Решительно прихватив товарища за рукав, Павло ныряет под белое полотно. Они ползут между пеньками, сочащимися смолой, как кастрюли сочатся пеной. Прорывают лбами заграждения из осенней паутины. Стебли мятлика, воробьиной кашки, горца, ситника, стряхивая влагу и выпрямляясь, ощупывают им лица, тычутся в губы, глаза, брови, как будто проверяя: свои или нет? Павел, пробирающийся впереди, бесшумно отодвигает сучья, чтобы расчистить дорогу. К счастью, рубили сосны недавно, осенью, и сучья не успели обсохнуть, они гибки, полны не отлетевшей еще хвои и не выдают партизан треском. Сердце Шурки стучит в холщовое письмо. Надежное укрытие из тумана над головой придает ему бодрости. Оно кажется плотным и непробиваемым. Так в детстве скрываешься от ночных фигур, рождаемых воображением, натягивая на голову одеяло.

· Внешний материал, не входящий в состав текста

(* Let $\Lambda=\mathcal I(\Lambda_1,\dots,\Lambda_M)$ be an interconnected dt-SCS with coupling matrix $\mathcal M$, and let $\hat\Lambda=\mathcal I(\hat\Lambda_1,\dots,\hat\Lambda_M)$ be the interconnection of the finite MDPs $\hat\Lambda_i$ with the same coupling. Suppose that for each $i\in\{1,\dots,M\}$, $\mathcal S_i(\kappa_i,\cdot,\cdot)$ is an SStF between $\hat\Lambda_i$ and $\Lambda_i$ with constants $\gamma_i>0$, $\alpha_i\in(0,1)$, $\varpi_i\ge0$ and symmetric matrix $\mathcal Z_i=\begin{bmatrix}\mathcal Z_i^{11}&\mathcal Z_i^{12}\\ \mathcal Z_i^{21}&\mathcal Z_i^{22}\end{bmatrix}$, holding with confidence at least $1-\beta_i$, $\beta_i=\beta_{1_i}+\beta_{2_i}$ (i.e. $\mathbb P\{\hat\Lambda_i\cong_{\mathcal S_i}\Lambda_i\}\ge1-\beta_i$). If $$\begin{bmatrix}\mathcal M\\ \mathbb I\end{bmatrix}^\top\mathcal Z_{cmp}\begin{bmatrix}\mathcal M\\ \mathbb I\end{bmatrix}\preceq0,\qquad \mathcal Z_{cmp}:=\begin{bmatrix}\mathrm{diag}(\mathcal Z_1^{11},\dots,\mathcal Z_M^{11})&\mathrm{diag}(\mathcal Z_1^{12},\dots,\mathcal Z_M^{12})\\ \mathrm{diag}(\mathcal Z_1^{21},\dots,\mathcal Z_M^{21})&\mathrm{diag}(\mathcal Z_1^{22},\dots,\mathcal Z_M^{22})\end{bmatrix},$$ then $\mathcal V(\kappa,x,\hat x):=\sum_{i=1}^M\mathcal S_i(\kappa_i,x_i,\hat x_i)$ is an SBF between $\hat\Lambda$ and $\Lambda$ with $\gamma=\big(\sum_{i=1}^M1/\gamma_i\big)^{-1}$, $\alpha=\max_i\alpha_i$, $\varpi=\sum_{i=1}^M\varpi_i$, with confidence at least $1-\sum_{i=1}^M\beta_i$.
   Context: A dt-SCS is $\Lambda_i=(X_i,U_i,D_i,\varsigma_i,f_i)$: Borel state set $X_i\subseteq\mathbb R^{n_i}$, finite input set $U_i$, Borel disturbance set $D_i$, i.i.d. noise $\varsigma_i$, map $f_i$, $x_i(k+1)=f_i(x_i(k),\nu_i(k),d_i(k),\varsigma_i(k))$. Its finite MDP $\hat\Lambda_i=(\hat X_i,U_i,\hat D_i,\varsigma_i,\hat f_i)$ has finite $\hat X_i\subset X_i$, $\hat D_i\subset D_i$, $\hat f_i(\hat x_i,\nu_i,\hat d_i,\varsigma_i)=\mathcal P_{x_i}(f_i(\hat x_i,\nu_i,\hat d_i,\varsigma_i))$ with quantization $\|\mathcal P_{x_i}(x)-x\|\le\rho_i$. The interconnection $\mathcal I(\Lambda_1,\dots,\Lambda_M)=(X,U,f,\varsigma)$ has $X=\prod X_i$, $U=\prod U_i$, $f=[f_1;\dots;f_M]$, $\varsigma=[\varsigma_1;\dots;\varsigma_M]$ and disturbances fixed by $[d_1;\dots;d_M]=\mathcal M[x_1;\dots;x_M]$ (and likewise $[\hat d_1;\dots;\hat d_M]=\mathcal M[\hat x_1;\dots;\hat x_M]$ for $\hat\Lambda$), yielding $x(k+1)=f(x(k),\nu(k),\varsigma(k))$. SStF: $\mathcal S:X_i\times\hat X_i\to\mathbb R_{\ge0}$ with $\hat\Lambda_i\cong_{\mathcal S}\Lambda_i$ if (i) $\gamma\|x-\hat x\|^2\le\mathcal S(x,\hat x)$ for all $x,\hat x$; (ii) for all $x,\hat x,\nu,d,\hat d$: $\mathbb E[\mathcal S(f(x,\nu,d,\varsigma),\hat f(\hat x,\nu,\hat d,\varsigma))\mid x,\hat x,\nu,d,\hat d]\le\alpha\mathcal S(x,\hat x)+\varpi+[d-\hat d;x-\hat x]^\top\mathcal Z[d-\hat d;x-\hat x]$. SBF: for interconnected $\Lambda$ and $\hat\Lambda$ (no external disturbances), $\mathcal V:X\times\hat X\to\mathbb R_{\ge0}$ with $\hat\Lambda\cong_{\mathcal V}\Lambda$ if for some $\gamma>0$, $0<\alpha<1$, $\varpi\ge0$: (i) $\gamma\|x-\hat x\|^2\le\mathcal V(x,\hat x)$; (ii) $\mathbb E[\mathcal V(f(x,\nu,\varsigma),\hat f(\hat x,\nu,\varsigma))\mid x,\hat x,\nu]\le\alpha\mathcal V(x,\hat x)+\varpi$ for all $x\in X,\hat x\in\hat X,\nu\in U$. $\mathbb I$ is the identity of appropriate size and $\preceq0$ means negative semidefinite. *)

From HB Require Import structures.
From mathcomp Require Import all_boot all_order all_algebra.
From mathcomp Require Import all_classical all_reals all_analysis.
Set Implicit Arguments. Unset Strict Implicit. Unset Printing Implicit Defensive.
Import Order.TTheory GRing.Theory Num.Theory.
Local Open Scope classical_set_scope.
Local Open Scope ring_scope.

Definition sqnorm {R : realType} {n : nat} (v : 'cV[R]_n) : R :=
  \sum_(j < n) (v j 0) ^+ 2.

Definition qform {R : realType} {n : nat} (Z : 'M[R]_n) (v : 'cV[R]_n) : R :=
  (v^T *m Z *m v) 0 0.

Definition nsd {R : realType} {n : nat} (A : 'M[R]_n) : Prop :=
  forall v : 'cV[R]_n, qform A v <= 0.

(* Block-diagonal matrix diag(B_1,...,B_m) with possibly rectangular blocks
   (same construction as MathComp's \mxdiag, which only allows square blocks). *)
Definition mxdiag_rect {V : zmodType} {m : nat} {p_ q_ : 'I_m -> nat}
  (B_ : forall i, 'M[V]_(p_ i, q_ i)) : 'M[V]_(\sum_i p_ i, \sum_i q_ i) :=
  \mxblock_(j, k) if j == k then conform_mx 0 (B_ j) else 0.

(* Stochastic simulation function (SStF) S between a finite MDP (state set Xh,
   disturbance set Dh, map fh) and a dt-SCS (X, D, f), with inputs in the finite
   type U, noise sig : Omega -> Xi distributed according to P.
   Z is a (p+n)x(p+n) matrix acting on [d - dh; x - xh]. *)
Definition is_SStF {R : realType} {dO : measure_display} {Omega : measurableType dO}
  (P : probability Omega R) {n p : nat} {U : finType} {Xi : Type}
  (sig : Omega -> Xi)
  (X Xh : set 'cV[R]_n) (D Dh : set 'cV[R]_p)
  (f fh : 'cV[R]_n -> U -> 'cV[R]_p -> Xi -> 'cV[R]_n)
  (S : 'cV[R]_n -> 'cV[R]_n -> R) (gamma alpha varpi : R) (Z : 'M[R]_(p + n))
  : Prop :=
  (forall x xh, X x -> Xh xh -> gamma * sqnorm (x - xh) <= S x xh) /\
  (forall x xh (nu : U) d dh, X x -> Xh xh -> D d -> Dh dh ->
     (\int[P]_w (S (f x nu d (sig w)) (fh xh nu dh (sig w)))%:E
      <= (alpha * S x xh + varpi + qform Z (col_mx (d - dh) (x - xh)))%:E)%E).

(* Stochastic bisimulation function (SBF) V between an interconnected finite MDP
   (Xh, Fh) and an interconnected dt-SCS (X, F) without external disturbances;
   the noise is the outcome w of the probability space P. *)
Definition is_SBF {R : realType} {dO : measure_display} {Omega : measurableType dO}
  (P : probability Omega R) {N : nat} {U : Type}
  (X Xh : set 'cV[R]_N)
  (F Fh : 'cV[R]_N -> U -> Omega -> 'cV[R]_N)
  (V : 'cV[R]_N -> 'cV[R]_N -> R) (gamma alpha varpi : R) : Prop :=
  [/\ 0 < gamma, 0 < alpha < 1, 0 <= varpi,
      (forall x xh, X x -> Xh xh -> gamma * sqnorm (x - xh) <= V x xh) &
      (forall x xh (nu : U), X x -> Xh xh ->
         (\int[P]_w (V (F x nu w) (Fh xh nu w))%:E
          <= (alpha * V x xh + varpi)%:E)%E)].

(* Interconnection I(Lambda_1,...,Lambda_M) with coupling matrix Mc:
   the stacked state x = [x_1;...;x_M], d = Mc x, d_i = i-th block of d,
   noise [sig_1;...;sig_M] realised on the common outcome w. *)
Definition interconnect {R : realType} {Omega : Type} {M : nat}
  {n p : 'I_M -> nat} {U : 'I_M -> finType} {Xi : 'I_M -> Type}
  (sig : forall i, Omega -> Xi i)
  (f : forall i, 'cV[R]_(n i) -> U i -> 'cV[R]_(p i) -> Xi i -> 'cV[R]_(n i))
  (Mc : 'M[R]_(\sum_i p i, \sum_i n i))
  (x : 'cV[R]_(\sum_i n i)) (nu : forall i, U i) (w : Omega) : 'cV[R]_(\sum_i n i) :=
  \mxcol_i f i (submxcol x i) (nu i) (submxcol (Mc *m x) i) (sig i w).

Definition prod_set {R : realType} {M : nat} {n : 'I_M -> nat}
  (X : forall i, set 'cV[R]_(n i)) : set 'cV[R]_(\sum_i n i) :=
  [set x | forall i, X i (submxcol x i)].

(* The lower bound
     follows blockwise from gamma <= gamma_i; the decay bound follows by
     linearity of expectation, the local decay bounds, and the LMI applied to
     x - xh, which kills the sum of the interconnection terms.
   - Probability: by a union bound, finitely many events of probabilities
     >= 1 - beta_i intersect in an event of probability >= 1 - \sum_i beta_i.
   The main theorem intersects the confidence events of the M subsystems and
   applies the composition result on that intersection, with the abstract
   transition map Pq_i o f_i. *)
From HB Require Import structures.
From mathcomp Require Import all_boot all_order all_algebra.
From mathcomp Require Import all_classical all_reals all_analysis.
From mathcomp Require Import lra.
Import Order.TTheory GRing.Theory Num.Theory.
Local Open Scope classical_set_scope.
Local Open Scope ring_scope.

Lemma probability_setI_ge {R : realType} {d : measure_display}
  {T : measurableType d} (P : probability T R) {A B : set T} {a b : R} :
  measurable A -> measurable B -> (a%:E <= P A)%E -> (b%:E <= P B)%E ->
  ((a + b - 1)%:E <= P (A `&` B))%E.
Proof.
move=> mA mB aA bB.
have finP C : measurable C -> P C = (fine (P C))%:E.
  by move=> mC; rewrite fineK // fin_num_measure.
have PU : (P (A `|` B) = P A + P B - P (A `&` B))%E.
  by apply: measureUfinl => //; rewrite ltey_eq fin_num_measure.
have := probability_le1 P (measurableU _ _ mA mB).
move: aA bB; rewrite PU (finP _ mA) (finP _ mB) (finP _ (measurableI _ _ mA mB)).
rewrite -EFinN -!EFinD !lee_fin; lra.
Qed.

Lemma probability_bigcap_ge {R : realType} {d : measure_display}
  {T : measurableType d} (P : probability T R) {I : Type} (A : I -> set T)
  (beta : I -> R) (r : seq I) :
  (forall i, measurable (A i)) -> (forall i, ((1 - beta i)%:E <= P (A i))%E) ->
  measurable (\big[setI/setT]_(i <- r) A i) /\
  ((1 - \sum_(i <- r) beta i)%:E <= P (\big[setI/setT]_(i <- r) A i))%E.
Proof.
move=> mA PA; elim: r => [|i r [mr Pr]].
  by rewrite !big_nil probability_setT subr0.
rewrite !big_cons; split; first exact: measurableI.
have := probability_setI_ge P (mA i) mr (PA i) Pr.
by congr (_ <= _)%E; congr EFin; lra.
Qed.

Lemma in_bigcap {T : Type} {I : eqType} {A : I -> set T} {r : seq I} {t : T} :
  (\big[setI/setT]_(i <- r) A i) t -> forall i, i \in r -> A i t.
Proof.
elim: r => [//|j r IHr]; rewrite big_cons => -[Aj Ar] i.
by rewrite inE => /predU1P[->//|]; apply: IHr.
Qed.

Lemma qform_block {R : realType} {m1 m2 : nat} (A : 'M[R]_m1)
  (B : 'M[R]_(m1, m2)) (C : 'M[R]_(m2, m1)) (D : 'M[R]_m2)
  (a : 'cV[R]_m1) (b : 'cV[R]_m2) :
  qform (block_mx A B C D) (col_mx a b) =
  qform A a + (a^T *m B *m b) 0 0 + (b^T *m C *m a) 0 0 + qform D b.
Proof.
rewrite /qform tr_col_mx mul_row_block mul_row_col !mulmxDl !mxE; lra.
Qed.

Lemma qform_congr {R : realType} {k m : nat} (B : 'M[R]_k) (C : 'M[R]_(k, m))
  (v : 'cV[R]_m) :
  qform (C^T *m B *m C) v = qform B (C *m v).
Proof. by rewrite /qform trmx_mul !mulmxA. Qed.

Lemma bilin_mxdiag_rect {R : realType} {m : nat} {p q : 'I_m -> nat}
  (B : forall i, 'M[R]_(p i, q i)) (u : 'cV[R]_(\sum_i p i))
  (w : 'cV[R]_(\sum_i q i)) :
  (u^T *m mxdiag_rect B *m w) 0 0 =
  \sum_i ((submxcol u i)^T *m B i *m submxcol w i) 0 0.
Proof.
rewrite -[u]submxcolK -[w]submxcolK tr_mxcol -mulmxA /mxdiag_rect.
rewrite mul_mxblock_mxrow mul_mxrow_mxcol summxE; apply: eq_bigr => i _.
rewrite !mxcolK (bigD1 i) //= eqxx conform_mx_id big1 ?addr0 ?mulmxA //.
by move=> j; case: eqVneq => //= _ _; rewrite mul0mx.
Qed.

Lemma mxdiagE {R : realType} {m : nat} {p : 'I_m -> nat}
  (B : forall i, 'M[R]_(p i)) : \mxdiag_i B i = mxdiag_rect B.
Proof. by []. Qed.

(* The quadratic form of the compositionality matrix at v is the sum of the
   local forms of the Z_i at the local disturbance/state pair
   [(Mc v)_i; v_i]; this is where the coupling d = Mc x enters. *)
Lemma qform_compositional {R : realType} {m : nat} {p n : 'I_m -> nat}
  (Mc : 'M[R]_(\sum_i p i, \sum_i n i)) (Z : forall i, 'M[R]_(p i + n i))
  (v : 'cV[R]_(\sum_i n i)) :
  qform ((col_mx Mc 1%:M)^T *m
        block_mx (\mxdiag_i ulsubmx (Z i)) (mxdiag_rect (fun i => ursubmx (Z i)))
                 (mxdiag_rect (fun i => dlsubmx (Z i))) (\mxdiag_i drsubmx (Z i))
       *m col_mx Mc 1%:M) v =
  \sum_i qform (Z i) (col_mx (submxcol (Mc *m v) i) (submxcol v i)).
Proof.
rewrite qform_congr mul_col_mx mul1mx qform_block !mxdiagE /qform.
rewrite !bilin_mxdiag_rect -!big_split /=; apply: eq_bigr => i _.
have := qform_block (ulsubmx (Z i)) (ursubmx (Z i)) (dlsubmx (Z i))
  (drsubmx (Z i)) (submxcol (Mc *m v) i) (submxcol v i).
by rewrite submxK /qform => ->.
Qed.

У насыпи туман становится еще более плотным. Они останавливаются, когда руки погружаются в жижу. Здесь придорожная канава, заполненная водой. Пальцы хватают крепкие, поросшие гроздьями плодов стебли ожики, камыша, пушицы.

Они замирают, постепенно холодея в тумане и влаге ночи и низводя свои жизни к жизни травы, пней, воды. Только так, растворясь, слившись, уйдя из теплого, дышащего мира к иному, растительному, можно услышать чужое дыхание, чужую полнокровную жизнь. Кажется, это длится очень долго. Комочек земли, застывший под напряженной ладонью Шурки, вдруг начинает шевелиться. Приснувший на Воздвиженские холода лягушонок-квакша оживает в тепле Шуркиного тела и мягко стучится на волю. Шурка придерживает его, как будто опасаясь, что своими сонными скачками он нарушит тишину.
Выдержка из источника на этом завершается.